Откуда у вас такая информация, что именно для мяса и 200 лет назад??? вилки известны как минимум со времен средневековья, а что касается мяса, то его как раз с древнейших времен ели именно руками))).
И что это за странное весьма оскорбительное отношение к лучшему из преданных-Господу Шиве??? Как будто Он-враг народа( т.е. вайшнавов) и все, что с Ним связано, по определению, дурно, запретно, и.т.д? 
Не думаю, что в вилке и ноже есть что то однозначно плохое. Порой без ножа не обойтись и в случае с прасадом-например, разрезать на части праздничный торт или фрукты. Как тут обойтись одними руками? если нож спокойно используется при приготовлении прасада, то почему нельзя использовать его и в процессе его принятия? не вижу логики. и потом есть руками не всегда гигиенично. не всегда есть возможность вымыть их надлежащим образом до и после еды, особенно если еда жирная, содержит масло и соусы.
а вот что во время еды и тем более вкушения прасада плохих и отвлекающих мыслей быть не должно-это безусловный факт! :smilies: 
Все мысли должны быть сосредоточены только на Кришне, а не на посуде и приборах. Так что наверно, тут каждый сам для себя решает в какой обстановке и чем ему есть.
ложка конечно оптимальный вариант-ей можно есть как жидкую так и твердую пищу.

----------


## Валерий О.С.

> Откуда у вас такая информация, что именно для мяса и 200 лет назад??? вилки известны как минимум со времен средневековья, а что касается мяса, то его как раз с древнейших времен ели именно руками))).
> И что это за странное весьма оскорбительное отношение к лучшему из преданных-Господу Шиве??? Как будто Он-враг народа( т.е. вайшнавов) и все, что с Ним связано, по определению, дурно, запретно, и.т.д? 
> Не думаю, что в вилке и ноже есть что то однозначно плохое.

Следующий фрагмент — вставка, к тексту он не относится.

Lemma lagsum_rank_one (K Q : finType) (w : K -> Q -> C)
    (a : K -> C) (b : Q -> C) :
  (forall k q, w k q = a k * b q) -> lagsum w = 0.
Proof.
move=> w_rank1; apply: big1 => k _; apply: big1 => l _.
apply: big1 => p _; apply: big1 => q _; rewrite !w_rank1.
have -> : a k * b p * (a l * b q) - a k * b q * (a l * b p) = 0 by ring.
by rewrite mul0r.
Qed.

(* Rank-one maps with f(v) = 0 have zero defect: both families are of rank
   one and every sum_k u_k(p) z_k(q) contains the factor f(v). *)
Lemma rank_one_Fdefect f v : f *m v = 0 -> Fdefect (rank_one f v) = 0.
Proof.
move=> fv0; set mu := rank_one f v.
have lag_u : lagsum (prod_coord mu) = 0.
  apply: (@lagsum_rank_one _ _ _ (fun k => v k 0) (fun p => f 0 p.1 * f 0 p.2)).
  by move=> k p; rewrite /prod_coord /mu /rank_one mulrC.
have factor_rank1 k q : factor_coord mu k q = f 0 k * (f 0 q.2.1 * v q.2.2 0).
  by rewrite /factor_coord /mu /rank_one; case: ifP => _; ring.
have lag_w : lagsum (factor_coordJ mu) = 0.
  apply: (@lagsum_rank_one _ _ _ (fun k => cj (f 0 k))
                                  (fun q => cj (f 0 q.2.1 * v q.2.2 0))).
  by move=> k q; rewrite /factor_coordJ factor_rank1 rmorphM.
have cross0 : \tr (gram (prod_coord mu) *m gram (factor_coordJ mu)) = 0.
  rewrite /factor_coordJ trace_gram_cross; apply: big1 => p _; apply: big1 => q _.
  suff -> : \sum_k prod_coord mu k p * factor_coord mu k q = 0 by rewrite mul0r.
  have /matrixP/(_ 0 0) := fv0; rewrite !mxE => fv_sum0.
  transitivity (f 0 p.1 * f 0 p.2 * f 0 q.2.1 * v q.2.2 0 * \sum_k f 0 k * v k 0).
    rewrite mulr_sumr; apply: eq_bigr => k _.
    by rewrite factor_rank1 /prod_coord /mu /rank_one; ring.
  by rewrite fv_sum0 mulr0.
by rewrite /Fdefect lag_u lag_w cross0 !mulr0 !addr0.
Qed.

Lemma rank_one_neq0 f v a b c :
  rank_one f v a b c != 0 -> f 0 a != 0 /\ v c 0 != 0.
Proof. by rewrite /rank_one !mulf_eq0 !negb_or => /andP[/andP[-> _] ->]. Qed.

(* Pairwise proportionality of the factor coordinates of a nonzero mu forces
   mu(X_i, X_j) = f_i f_j v, with f_i = mu_{a i}^c and v read off mu_{a b}. *)
Lemma factor_proportional_rank_one mu a b c :
  (forall k l q q', factor_coord mu k q * factor_coord mu l q'
                    = factor_coord mu k q' * factor_coord mu l q) ->
  mu a b c != 0 -> exists f v, mu = rank_one f v.
Proof.
move=> prop mu_abc; set m := mu a b c in mu_abc *.
have e1 i j k : mu i j k * m = mu a j c * mu i b k.
  exact: prop j b (true, (i, k)) (true, (a, c)).
have e2 i k : mu i b k * m = mu i b c * mu a b k.
  exact: prop i a (false, (b, k)) (false, (b, c)).
have e3 j : mu a j c * mu b b c = mu j b c * m.
  exact: prop j b (true, (a, c)) (false, (b, c)).
exists (\row_i mu a i c), (\col_k (mu b b c * mu a b k / m ^+ 3)).
apply: functional_extensionality => i; apply: functional_extensionality => j.
apply: functional_extensionality => k; rewrite /rank_one !mxE.
apply: (mulIf (expf_neq0 3 mu_abc)).
transitivity (m ^+ 2 * (mu i j k * m)); first by ring.
rewrite e1; transitivity (m * mu a j c * (mu i b k * m)); first by ring.
rewrite e2; transitivity (mu a j c * mu a b k * (mu i b c * m)); first by ring.
by rewrite -e3 [in RHS]mulrA divfK ?expf_neq0 //; ring.
Qed.

(* If tr(A D) = 0 and mu = rank_one f v is nonzero, then f(v) = 0: the
   product mu(mu(X_a, X_a), X_a) is a nonzero multiple of f(v). *)
Lemma cross_eq0_orthogonal f v a c :
  \tr (gram (prod_coord (rank_one f v))
       *m gram (factor_coordJ (rank_one f v))) = 0 ->
  f 0 a != 0 -> v c 0 != 0 -> f *m v = 0.
Proof.
rewrite /factor_coordJ trace_gram_cross => /psumr2_eq0 cross0 fa_neq0 vc_neq0.
have /normsq_eq0 := cross0 (fun p q => mulcJ_ge0 _) (a, a) (true, (a, c)).
rewrite /prod_coord /factor_coord /rank_one /=.
have -> : \sum_k f 0 a * f 0 a * v k 0 * (f 0 a * f 0 k * v c 0)
    = f 0 a ^+ 3 * v c 0 * (f *m v) 0 0.
  by rewrite mxE mulr_sumr; apply: eq_bigr => k _; ring.
move/eqP; rewrite mulf_eq0 (negbTE (mulf_neq0 (expf_neq0 3 fa_neq0) vc_neq0)) /=.
by move/eqP => fv0; apply/matrixP => i j; rewrite !ord1 fv0 mxE.
Qed.

Lemma Fdefect_eq0_rank_one mu a b c :
  Fdefect mu = 0 -> mu a b c != 0 -> exists f v, f *m v = 0 /\ mu = rank_one f v.
Proof.
move=> /eqP defect0 mu_abc.
move: defect0; rewrite /Fdefect paddr_eq0 ?addr_ge0 ?mulr_ge0 ?ler0n ?lagsum_ge0
  ?trace_gram_cross_ge0 // paddr_eq0 ?mulr_ge0 ?ler0n ?lagsum_ge0 //.
rewrite !mulf_eq0 !pnatr_eq0 /= => /andP[/andP[_ /eqP lag_w0] /eqP cross0].
have prop k l q q' : factor_coord mu k q * factor_coord mu l q'
                     = factor_coord mu k q' * factor_coord mu l q.
  have := lagsum_eq0 lag_w0 k l q q'; rewrite /factor_coordJ -!rmorphM.
  by move/(congr1 cj); rewrite !conjcK.
have [f [v mu_rank1]] := factor_proportional_rank_one prop mu_abc.
move: mu_abc cross0; rewrite mu_rank1 => /rank_one_neq0[fa_neq0 vc_neq0] cross0.
by exists f, v; split=> //; apply: cross_eq0_orthogonal cross0 fa_neq0 vc_neq0.
Qed.
End RankOne.

Section Transport.
Variables (R : realType) (n : nat).
Local Notation C := R[i].
Implicit Type mu : bilin R n.

Lemma sum_bilinear_change (P : 'M[C]_n) (x y : 'cV[C]_n)
    (F : 'I_n -> 'I_n -> C) :
  \sum_i \sum_j (P *m x) i 0 * (P *m y) j 0 * F i j
  = \sum_a \sum_b x a 0 * y b 0 * \sum_i \sum_j P i a * P j b * F i j.
Proof.
transitivity
  (\sum_i \sum_j \sum_a \sum_b x a 0 * y b 0 * (P i a * P j b * F i j)).
  apply: eq_bigr => i _; apply: eq_bigr => j _.
  rewrite !mxE big_distrlr /= mulr_suml.
  by apply: eq_bigr => a _; rewrite mulr_suml; apply: eq_bigr => b _; ring.
under eq_bigr do rewrite exchange_big /=.
rewrite exchange_big /=.
under eq_bigr do under eq_bigr do rewrite exchange_big /=.
under eq_bigr do rewrite exchange_big /=.
apply: eq_bigr => a _; apply: eq_bigr => b _; rewrite mulr_sumr.
by apply: eq_bigr => i _; rewrite mulr_sumr.
Qed.

Definition bl_transport (P Q : 'M[C]_n) mu : bilin R n :=
  fun a b c => (Q *m bl_app mu (P *m basis_vec R a) (P *m basis_vec R b)) c 0.

Lemma gl_actE g mu : gl_act g mu = bl_transport (invmx g) g mu.
Proof. by []. Qed.

Lemma bl_transportE P Q mu a b c :
  bl_transport P Q mu a b c
  = \sum_l Q c l * \sum_i \sum_j P i a * P j b * mu i j l.
Proof.
rewrite /bl_transport mxE; apply: eq_bigr => l _; rewrite mxE /basis_vec -!colE.
by congr (_ * _); apply: eq_bigr => i _; apply: eq_bigr => j _; rewrite !mxE.
Qed.

Lemma bl_app_transport P Q mu x y :
  bl_app (bl_transport P Q mu) x y = Q *m bl_app mu (P *m x) (P *m y).
Proof.
apply/matrixP => k l; rewrite (ord1 l) [LHS]mxE [RHS]mxE.
under [RHS]eq_bigr => c _ do
  rewrite mxE (sum_bilinear_change P x y (fun i j => mu i j c)).
under [LHS]eq_bigr do under eq_bigr do rewrite bl_transportE mulr_sumr.
under [LHS]eq_bigr do rewrite exchange_big /=.
rewrite exchange_big /=; apply: eq_bigr => c _; rewrite !mulr_sumr.
by apply: eq_bigr => a _; rewrite !mulr_sumr; apply: eq_bigr => b _; ring.
Qed.

Lemma bl_transport_comp P Q P' Q' mu :
  bl_transport P' Q' (bl_transport P Q mu) = bl_transport (P *m P') (Q' *m Q) mu.
Proof.
do 3 apply: functional_extensionality => ?.
by rewrite /bl_transport bl_app_transport !mulmxA.
Qed.

Lemma sum_basis_vec (a : 'I_n) (F : 'I_n -> C) :
  \sum_i basis_vec R a i 0 * F i = F a.
Proof.
rewrite (bigD1 a) //= big1 ?addr0 => [|i neq_ia]; rewrite mxE ?eqxx ?mul1r //.
by rewrite (negbTE neq_ia) mul0r.
Qed.

Lemma bl_transport1 mu : bl_transport 1%:M 1%:M mu = mu.
Proof.
apply: functional_extensionality => a; apply: functional_extensionality => b.
apply: functional_extensionality => c; rewrite /bl_transport !mul1mx mxE.
under eq_bigr do under eq_bigr do rewrite -mulrA.
by under eq_bigr do rewrite -mulr_sumr sum_basis_vec; rewrite sum_basis_vec.
Qed.

Lemma gl_actK g mu : g \in unitmx -> gl_act (invmx g) (gl_act g mu) = mu.
Proof.
move=> g_unit.
by rewrite !gl_actE bl_transport_comp invmxK mulVmx // bl_transport1.
Qed.

Lemma bl_transport_rank_one P Q f v :
  bl_transport P Q (rank_one f v) = rank_one (f *m P) (Q *m v).
Proof.
do 3 apply: functional_extensionality => ?.
rewrite /bl_transport rank_one_app -scalemxAr /basis_vec !mulmxA -!colE.
by rewrite /rank_one !mxE.
Qed.
End Transport.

Порой без ножа не обойтись и в случае с прасадом-например, разрезать на части праздничный торт или фрукты. Как тут обойтись одними руками? если нож спокойно используется при приготовлении прасада, то почему нельзя использовать его и в процессе его принятия? не вижу логики. и потом есть руками не всегда гигиенично. не всегда есть возможность вымыть их надлежащим образом до и после еды, особенно если еда жирная, содержит масло и соусы.
> а вот что во время еды и тем более вкушения прасада плохих и отвлекающих мыслей быть не должно-это безусловный факт!
> Все мысли должны быть сосредоточены только на Кришне, а не на посуде и приборах. Так что наверно, тут каждый сам для себя решает в какой обстановке и чем ему есть.
> ложка конечно оптимальный вариант-ей можно есть как жидкую так и твердую пищу.

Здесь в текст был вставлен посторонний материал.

(* Let $N,m,d$ be natural numbers with $d\geqslant m+1$, and let $c,C,\varepsilon$ be positive constants. Let $L:\mathbb{R}^d\to\mathbb{R}^m$ be a surjective linear map with $\Vert L\Vert_\infty\leqslant C$ and $\operatorname{dist}(L,V_{\mathrm{rank}}(m,d))\geqslant c$. Let $F:\mathbb{R}^d\to[0,1]$ be supported on $[-N,N]^d$ and $G:\mathbb{R}^m\to[0,1]$ supported on $[-\varepsilon,\varepsilon]^m$. Then $T^L_{F,G,N}(1,\dots,1)\ll_{c,C,\varepsilon}\Vert G\Vert_\infty$.
   Context: Matrices identified with linear maps; $\Vert L\Vert_\infty$ max absolute entry; $\operatorname{dist}$ is $\ell^\infty$ distance on entries; $V_{\mathrm{rank}}(m,d)$ is the set of $m\times d$ real matrices of rank $<m$; $\Vert G\Vert_\infty=\sup|G|$. $T^L_{F,G,N}(1,\dots,1)=N^{-(d-m)}\sum_{\mathbf n\in\mathbb{Z}^d}F(\mathbf n)G(L\mathbf n)$. Implied constants depend on $c,C,\varepsilon,m,d$. *)

From HB Require Import structures.
From mathcomp Require Import all_boot all_order all_algebra.
From mathcomp Require Import all_classical all_reals all_analysis.
Set Implicit Arguments. Unset Strict Implicit. Unset Printing Implicit Defensive.
Import Order.TTheory GRing.Theory Num.Theory.
Local Open Scope classical_set_scope.
Local Open Scope ring_scope.

(* Vectors of R^k are column vectors 'cV[R]_k; the linear map L : R^d -> R^m is
   the m x d matrix acting by x |-> L *m x. *)

Definition mx_max_abs (R : realType) (p q : nat) (A : 'M[R]_(p, q)) : R :=
  \big[Num.max/0]_(ij : 'I_p * 'I_q) `|A ij.1 ij.2|.

Definition Vrank (R : realType) (m d : nat) : set 'M[R]_(m, d) :=
  [set M | (\rank M < m)%N].

(* l^infty distance from L to a set of matrices (an extended real; +oo for the empty set) *)
Definition mx_dist (R : realType) (m d : nat) (L : 'M[R]_(m, d))
    (V : set 'M[R]_(m, d)) : \bar R :=
  ereal_inf [set (mx_max_abs (L - M))%:E | M in V].

Definition sup_norm (R : realType) (k : nat) (G : 'cV[R]_k -> R) : R :=
  sup (range (fun y => `|G y|)).

Definition lat (R : realType) (d : nat) (n : 'cV[int]_d) : 'cV[R]_d :=
  map_mx (fun z : int => z%:~R) n.

Definition T_LFGN (R : realType) (m d N : nat) (L : 'M[R]_(m, d))
    (F : 'cV[R]_d -> R) (G : 'cV[R]_m -> R) : \bar R :=
  ((N%:R ^- (d - m))%:E *
   \esum_(n in [set: 'cV[int]_d]) (F (lat R n) * G (L *m lat R n))%:E)%E.
Arguments Vrank R m d : clear implicits.

(* T is N^-(d-m) times a sum over the points n of [-N, N]^d with
   |L_i n| <= eps for every row L_i, and each term is at most ||G||_oo, so it
   suffices to count these points by O((2N+1)^(d-m)).  The distance hypothesis
   says that every combination a^T L of the rows has an entry of size at least
   c |a_k|.  Hence the first row r has a pivot |r_j| >= c: with the other
   coordinates fixed, n_j takes at most 2 eps / c + 1 values; eliminating x_j from
   the remaining rows gives one row fewer, still robustly independent, with
   slightly worse entry bound and slab width.  After m pivots, m coordinates are
   determined up to bounded choices and the other d - m range over [-N, N]. *)

From HB Require Import structures.
From mathcomp Require Import all_boot all_order all_algebra.
From mathcomp Require Import all_classical all_reals all_analysis.
From mathcomp Require Import ring lra zify.

Set Implicit Arguments.
Unset Strict Implicit.
Unset Printing Implicit Defensive.

Import Order.TTheory GRing.Theory Num.Theory.
Local Open Scope ring_scope.

Lemma normr_div_le (R : numFieldType) (x y c C : R) : 0 < c -> c <= `|y| -> `|x| <= C ->
  `|x / y| <= C / c.
Proof.
move=> c0 cy xC; rewrite normf_div; apply: (@le_trans _ _ (`|x| / c)).
- by rewrite ler_wpM2l // lef_pV2 ?posrE // (lt_le_trans c0).
- by rewrite ler_wpM2r // invr_ge0 ltW.
Qed.

Section Rows.
Variables (R : realFieldType) (d : nat).
Implicit Types (rs : seq ('I_d -> R)) (J : {set 'I_d}).

Fixpoint lincomb rs (a : nat -> R) (j : 'I_d) : R :=
  if rs is r :: rs' then a 0%N * r j + lincomb rs' (fun n => a n.+1) j else 0.

Definition robust_indep (c : R) rs J := forall a k M, (k < size rs)%N -> 0 <= M ->
  (forall j, j \notin J -> `|lincomb rs a j| <= M) -> c * `|a k| <= M.

Definition eliminate (r : 'I_d -> R) (j : 'I_d) rs :=
  [seq (fun i => q i - q j / r j * r i) | q <- rs].

Lemma lincomb0 rs a j : (forall n, a n = 0) -> lincomb rs a j = 0.
Proof. by elim: rs a => [|r rs IH] a a0 //=; rewrite a0 mul0r add0r IH. Qed.

Lemma lincomb_nth rs a j :
  lincomb rs a j = \sum_(k < size rs) a k * nth (fun=> 0) rs k j.
Proof. by elim: rs a => [|r rs IH] a /=; rewrite ?big_ord0 // big_ord_recl IH. Qed.

Lemma lincomb_eliminate r j rs a i : r j != 0 ->
  lincomb (eliminate r j rs) a i = lincomb rs a i - lincomb rs a j / r j * r i.
Proof.
move=> rj0; elim: rs a => [|q rs IH] a /=; first by rewrite !mul0r subr0.
by rewrite IH; field.
Qed.

Lemma robust_indep_pivot (c : R) r rs J : 0 < c -> robust_indep c (r :: rs) J ->
  exists2 j, j \notin J & c <= `|r j|.
Proof.
move=> c0 indep; have [/exists_inP[j]|] := boolP [exists j in ~: J, c <= `|r j|].
  by rewrite inE; exists j.
rewrite negb_exists_in => /forall_inP small.
pose M := \big[Num.max/0]_(j in ~: J) `|r j|.
have M0 : 0 <= M by apply/bigmax_geP; left.
have Mc : M < c by apply: bigmax_lt => // j /small; rewrite -ltNge.
suff : c * `|1 : R| <= M by rewrite normr1 mulr1 leNgt Mc.
apply: (indep (fun n => (n == 0)%:R) 0%N) => // j jJ.
by rewrite /= mul1r lincomb0 // addr0; apply: le_bigmax_cond; rewrite inE.
Qed.

Lemma robust_indep_eliminate (c : R) r j rs J : r j != 0 ->
  robust_indep c (r :: rs) J -> robust_indep c (eliminate r j rs) (j |: J).
Proof.
move=> rj0 indep a k M; rewrite size_map => ks M0 small.
pose b n := if n is n'.+1 then a n' else - (lincomb rs a j / r j).
have lincomb_b i : lincomb (r :: rs) b i = lincomb (eliminate r j rs) a i.
  by rewrite lincomb_eliminate //=; ring.
apply: (indep b k.+1) => // i iJ; rewrite lincomb_b.
have [->|ij] := eqVneq i j; first by rewrite lincomb_eliminate // mulfVK // subrr normr0.
by apply: small; rewrite !inE negb_or ij.
Qed.

Lemma eliminate_bounded (c C : R) r j rs : 0 < c -> c <= `|r j| ->
  (forall q, q \in r :: rs -> forall i, `|q i| <= C) ->
  forall q, q \in eliminate r j rs -> forall i, `|q i| <= C + C * C / c.
Proof.
move=> c0 crj bounded _ /mapP[q qrs ->] i.
have qC := bounded q (mem_behead (s := r :: rs) qrs).
have rC := bounded r (mem_head _ _).
have ratio := normr_div_le c0 crj (qC j).
rewrite (le_trans (ler_normB _ _)) // lerD // normrM mulrAC.
by rewrite ler_pM ?(le_trans _ (rC i)).
Qed.

End Rows.

Lemma card_le_diameter (R : realFieldType) n (S : {set 'I_n}) (l : R) : 0 <= l ->
  (forall s t, s \in S -> t \in S -> (s : nat)%:R - (t : nat)%:R <= l) ->
  (#|S|%:R : R) <= l + 1.
Proof.
move=> l0 diamS; have [->|[s0 Ss0]] := set_0Vmem S; first by rewrite cards0; lra.
case: (arg_minnP (fun i : 'I_n => (i : nat)) Ss0) => t0 St0 t0_min.
case: (arg_maxnP (fun i : 'I_n => (i : nat)) Ss0) => t1 St1 t1_max.
have S_sub s : s \in S -> (t0 <= s <= t1)%N by move=> Ss; rewrite t0_min //; exact: t1_max.
have : (#|S| <= (t1 - t0).+1)%N.
  rewrite -[X in (_ <= X)%N]card_ord.
  apply: (@leq_card_in _ _ (fun s : 'I_n => inord (s - t0) : 'I_(t1 - t0).+1)).
  move=> s s' /S_sub/andP[ts st] /S_sub/andP[ts' st'] /(congr1 val).
  by rewrite /= !inordK ?ltnS ?leq_sub2r // => e; apply: val_inj => /=; lia.
rewrite -(ler_nat R) => /le_trans; apply.
have /andP[t01 _] := S_sub _ St1.
by have := diamS _ _ St1 St0; rewrite -addn1 natrD natrB //; lra.
Qed.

А для чего же вилки изобрели --что бы манную кашу есть что ли ? 
200 лет( фильм смотрел ) назад ,где то во Франции стали использовать вилки в Европе
аристократы и то же не для манной каши .
Понятно, что нечто похожее на рогатки или вилы было и намного раньше -но я говорю только про наши современные вилки с 3 зубцами .
Внутри вайшнавы почитают Шиву, но атрибуты -это совсем другое дело .

Прасад никто не готовит --готовят только бхогу -и тут можно не только ножом но и миксером  и блендером пользоваться. 
А вот когда бхога стала уже прасадом -тут уже извините ,надо именно почитать с трепетом и поклонением  -
Потом, разрезать что- то типа торта или яблока это ещё не процесс еды, а только необходимое действие , а вот если Вы непосредственно ножом и вилкой прасадам станете есть -это уже другое действие .
Мне это так все представляется -не более того ,я ни на что не претендую -просто делюсь информацией.

----------


## Геннадий

"каждый сам для себя решает"

Это в любой ситуации так.

Но чтобы что-то решать, надо как минимум иметь знание = выбор. Иначе говоря, надо знать что находится в гуне благости, т.е. является правильным, а что нет. 

Пусть даже не можем по каким-то причинам следовать (в целях проповеди или в цепях обусловлености).

----------


## Валерий О.С.

Может проще спросить на лекции у одного из  махараджей ИСККОН ?

----------


## Raja Kumari dasi

Нас учат, что прасад неотличен от Кришны. Вкушая прасад, что надо делать - так это на Кришну медитировать, а не воображать, что я, какая-то незначительная джива, могу вилкой навредить прасаду (Кришне). Можно подумать, краем ложки не отламывают кусочки. Можно дальше пойти, ведь кроме вилки, которая просто обеспечивает удобство в случае западного стиля прасада (спагетти например), есть еще жевание и соляная кислота в желудке. Сознание надо возвышать, а не наоборот... Наслаждаться вкусом милости, думая, как Кришна или Господь Чайтанйа вкушает. Есть можно и только одной рукой, как строгие последователи, и ложкой, и вилкой, когда это удобнее. Вот в тексте дальше про виды прасада, про которые можно думать, если хочется поразмыслить, как вкушают прасад. 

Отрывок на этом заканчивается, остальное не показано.